Lemma step_error_C : almost_surely (step SchC n N B b d lam g x xt) counts_ok ->
  step_error SchC
  <= 2 * (INR d * (3 * dmax b lam K ^ 2 / 8) + dlam * (1 - lam) ^ 2 * K) + 2 * / (INR N * INR B) * K.
Proof.
  unfold step_error, step. intros AS. rewrite expect_bind. apply step_error_bound.
  apply as_bind_elim in AS. apply (as_mono _ _ _ (as_and _ _ _ AS messages_bounded)).
  intros Is [ASIs [Lus Hus]]. cbv beta zeta iota in ASIs |- *. unfold us_of in *.
  set (us := map (uvec B g x xt) Is) in *.
  set (dt := fold_right Rmax 0 (map (scale b lam d) us)) in *. set (ds := map (fun _ => dt) us) in *.
  assert (Hdt : 0 <= dt) by apply fold_Rmax_nonneg.
  assert (Hds : forall dl, In dl ds -> 0 <= dl)
    by (intros dl Hdl; apply in_map_iff in Hdl as [u [<- _]]; auto).
  assert (Lds : length ds = N) by (unfold ds; rewrite length_map; auto).
  assert (Hrequant : forall qs, is_distr (dbind (Qvec dt b d (avg N qs))
            (fun w => dret (mkStepOut us ds (vadd w (gradf n g xt))))))
    by (intros; apply is_distr_bind; [apply Qvec_distr; auto|intros; apply is_distr_ret]).
  assert (Hc : forall dl u, In (dl, u) (combine ds us) -> INR (count_out dl b u d) <= dlam).
  { apply (counts_from_outcomes _ us ds ASIs); auto.
    - apply is_distr_bind; [apply Qlist_distr; auto|auto].
    - apply as_bind_all; [apply Qlist_distr; auto|auto|]. intros qs.
      apply as_bind_all; [apply Qvec_distr; auto|intros; apply is_distr_ret|].
      intros; apply as_ret; auto. }
  destruct (common_scale_well_scaled us Hus Hc) as [Hdt' Hscaled].
  rewrite expect_bind. rewrite (expect_ext _ _ (fun qs => expect (Qvec dt b d (avg N qs))
    (fun w => sqnorm d (vsub (vadd w (gradf n g xt)) (gradf n g x))))) by (intros; rewrite expect_bind_ret; reflexivity).
  apply quant_error_c; auto.
Qed.
End Step.

Definition quant_const (sc : scheme) : R := match sc with SchC => 3 / 8 | _ => 1 / 4 end.

Lemma step_error_le sc n N B b d lam dlam K g x xt :
  (0 < n)%nat -> (0 < N)%nat -> (0 < B)%nat -> (2 <= b)%nat -> 0 < lam <= 1 -> 0 <= K ->
  (forall a, (a < n)%nat -> sqnorm d (vsub (g a x) (g a xt)) <= K) ->
  almost_surely (step sc n N B b d lam g x xt) (counts_ok N b d dlam) ->
  step_error n N B b d lam g x xt sc
  <= 2 * (INR d * (quant_const sc * dmax b lam K ^ 2) + dlam * (1 - lam) ^ 2 * K)
     + 2 * / (INR N * INR B) * K.
Proof.
  intros. destruct sc; simpl quant_const.
  - replace (1 / 4 * dmax b lam K ^ 2) with (dmax b lam K ^ 2 / 4) by field. apply step_error_A; auto.
  - replace (1 / 4 * dmax b lam K ^ 2) with (dmax b lam K ^ 2 / 4) by field. apply step_error_B; auto.
  - replace (3 / 8 * dmax b lam K ^ 2) with (3 * dmax b lam K ^ 2 / 8) by field. apply step_error_C; auto.
Qed.

(** * From one step to the whole history *)

Lemma inner_loop_distr sc n N B b d lam eta g prox k x xt : (0 < n)%nat -> (2 <= b)%nat -> 0 < lam ->
  is_distr (inner_loop sc n N B b d lam eta g prox k x xt).
Proof.
  intros Hn Hb Hl. induction k; simpl; [apply is_distr_ret|].
  apply is_distr_bind; auto. intros. apply is_distr_bind; [apply step_distr; auto|intros; apply is_distr_ret].
Qed.

Lemma history_distr sc n N B b d m lam eta g prox s t x0 : (0 < n)%nat -> (2 <= b)%nat -> 0 < lam ->
  is_distr (history sc n N B b d m lam eta g prox s t x0).
Proof.
  intros Hn Hb Hl. unfold history. apply is_distr_bind.
  - induction s; simpl; [apply is_distr_ret|]. apply is_distr_bind; auto. intros; apply inner_loop_distr; auto.
  - intros. apply is_distr_bind; [apply inner_loop_distr; auto|intros; apply is_distr_ret].
Qed.

Lemma joint_error_le sc n N B b d m lam eta g prox s t x0 (P : StepOut -> Prop) C :
  (0 < n)%nat -> (2 <= b)%nat -> 0 < lam ->
  almost_surely (joint sc n N B b d m lam eta g prox s t x0) (fun w => P (snd w)) ->
  (forall x xt, almost_surely (step sc n N B b d lam g x xt) P ->
     step_error n N B b d lam g x xt sc <= C * sqnorm d (vsub x xt)) ->
  expect (joint sc n N B b d m lam eta g prox s t x0)
    (fun w => sqnorm d (vsub (so_v (snd w)) (gradf n g (fst (fst w)))))
  <= C * expect (history sc n N B b d m lam eta g prox s t x0) (fun p => sqnorm d (vsub (fst p) (snd p))).
Proof.
  intros Hn Hb Hl AS Hstep. unfold joint in *. rewrite expect_bind, <- expect_scal.
  apply expect_le_as; [apply history_distr; auto|]. apply as_bind_elim in AS.
  apply (as_mono _ _ _ AS). intros [x xt] Hx. simpl in *. rewrite expect_bind_ret. apply Hstep.
  apply as_bind_elim in Hx. apply (as_mono _ _ _ Hx). intros o Ho. apply (as_ret_inv _ _ Ho).
Qed.

Lemma lipschitz_sq d L (a c : vec) : norm d a <= L * norm d c -> sqnorm d a <= L ^ 2 * sqnorm d c.
Proof.
  unfold norm. intros H. pose proof (sqnorm_nonneg d a). pose proof (sqnorm_nonneg d c).
  pose proof (sqrt_pos (sqnorm d a)). pose proof (sqrt_pos (sqnorm d c)).
  rewrite <- (pow2_sqrt (sqnorm d a)), <- (pow2_sqrt (sqnorm d c)) by auto. nra.
Qed.

Theorem lemma2 (n d N B S m b : nat) (L eta lam dlam : R)
  (f : nat -> vec -> R) (g : nat -> vec -> vec) (h : vec -> option R)
  (prox : vec -> vec) (x0 : vec) (sc : scheme) (s t : nat) :
  (0 < n)%nat -> (0 < N)%nat -> (0 < B)%nat -> (2 <= b)%nat ->
  0 < eta -> 0 < lam <= 1 -> (s < S)%nat -> (t < m)%nat ->
  (forall i, (i < n)%nat -> has_gradient d (f i) (g i)) ->
  (forall i, (i < n)%nat -> forall x y, norm d (vsub (g i x) (g i y)) <= L * norm d (vsub x y)) ->
  proper h -> convex_ext h -> lsc d h -> is_prox d eta h prox ->
  0 <= dlam ->
  almost_surely (joint sc n N B b d m lam eta g prox s t x0)
    (fun w => forall i, (i < N)%nat ->
       INR (count_out (nth i (so_ds (snd w)) 0) b (nth i (so_us (snd w)) vzero) d) <= dlam) ->
  ((sc = SchA \/ sc = SchB) ->
     expect (joint sc n N B b d m lam eta g prox s t x0)
       (fun w => sqnorm d (vsub (so_v (snd w)) (gradf n g (fst (fst w)))))
     <= 2 * L ^ 2 * (INR d * lam ^ 2 / (4 * (2 ^ (b - 1)%nat - 1) ^ 2)
                     + dlam * (1 - lam) ^ 2 + / (INR N * INR B))
        * expect (history sc n N B b d m lam eta g prox s t x0)
            (fun p => sqnorm d (vsub (fst p) (snd p)))) /\
  (sc = SchC ->
     expect (joint sc n N B b d m lam eta g prox s t x0)
       (fun w => sqnorm d (vsub (so_v (snd w)) (gradf n g (fst (fst w)))))
     <= 2 * L ^ 2 * (3 * INR d * lam ^ 2 / (8 * (2 ^ (b - 1)%nat - 1) ^ 2)
                     + dlam * (1 - lam) ^ 2 + / (INR N * INR B))
        * expect (history sc n N B b d m lam eta g prox s t x0)
            (fun p => sqnorm d (vsub (fst p) (snd p)))).
Proof.
  intros Hn HN HB Hb _ Hl _ _ _ Hlip _ _ _ _ _ AS.
  pose proof (levels_ge1 b Hb) as Hlev.
  assert (INR N <> 0 /\ INR B <> 0) as [HN0 HB0] by (split; apply INR_neq0; auto).
  (* Conditionally on (x, xt), the Lipschitz bound gives K = L^2 ||x - xt||^2. *)
  assert (Hjoint : expect (joint sc n N B b d m lam eta g prox s t x0)
       (fun w => sqnorm d (vsub (so_v (snd w)) (gradf n g (fst (fst w)))))
     <= 2 * L ^ 2 * (INR d * quant_const sc * lam ^ 2 / levels b ^ 2
                     + dlam * (1 - lam) ^ 2 + / (INR N * INR B))
        * expect (history sc n N B b d m lam eta g prox s t x0)
            (fun p => sqnorm d (vsub (fst p) (snd p)))).
  { apply (joint_error_le _ _ _ _ _ _ _ _ _ _ _ _ _ _ (counts_ok N b d dlam)); auto; [lra|].
    intros x xt ASx. set (K := L ^ 2 * sqnorm d (vsub x xt)).
    assert (0 <= K) by (apply Rmult_le_pos; [apply pow2_ge_0|apply sqnorm_nonneg]).
    eapply Rle_trans; [apply (step_error_le _ _ _ _ _ _ _ dlam K); auto|].
    - intros a Ha. apply lipschitz_sq, Hlip; auto.
    - right. rewrite dmax_sq by auto. unfold K. field. repeat split; auto; lra. }
  unfold levels in Hjoint, Hlev.
  split; [intros [-> | ->]|intros ->]; eapply Rle_trans; try exact Hjoint;
    right; simpl quant_const; field; repeat split; auto; lra.
Qed.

────────────────────

| WHAT IS EXPECTED |
Restate, word for word and without additions, every line from the top of the listing above through the line that contains "(fun w => dret".

| SOLVED PROBLEM |
Lemma step_error_C : almost_surely (step SchC n N B b d lam g x xt) counts_ok ->
  step_error SchC
  <= 2 * (INR d * (3 * dmax b lam K ^ 2 / 8) + dlam * (1 - lam) ^ 2 * K) + 2 * / (INR N * INR B) * K.
Proof.
  unfold step_error, step. intros AS. rewrite expect_bind. apply step_error_bound.
  apply as_bind_elim in AS. apply (as_mono _ _ _ (as_and _ _ _ AS messages_bounded)).
  intros Is [ASIs [Lus Hus]]. cbv beta zeta iota in ASIs |- *. unfold us_of in *.
  set (us := map (uvec B g x xt) Is) in *.
  set (dt := fold_right Rmax 0 (map (scale b lam d) us)) in *. set (ds := map (fun _ => dt) us) in *.
  assert (Hdt : 0 <= dt) by apply fold_Rmax_nonneg.
  assert (Hds : forall dl, In dl ds -> 0 <= dl)
    by (intros dl Hdl; apply in_map_iff in Hdl as [u [<- _]]; auto).
  assert (Lds : length ds = N) by (unfold ds; rewrite length_map; auto).
  assert (Hrequant : forall qs, is_distr (dbind (Qvec dt b d (avg N qs))
            (fun w => dret (mkStepOut us ds (vadd w (gradf n g xt))))))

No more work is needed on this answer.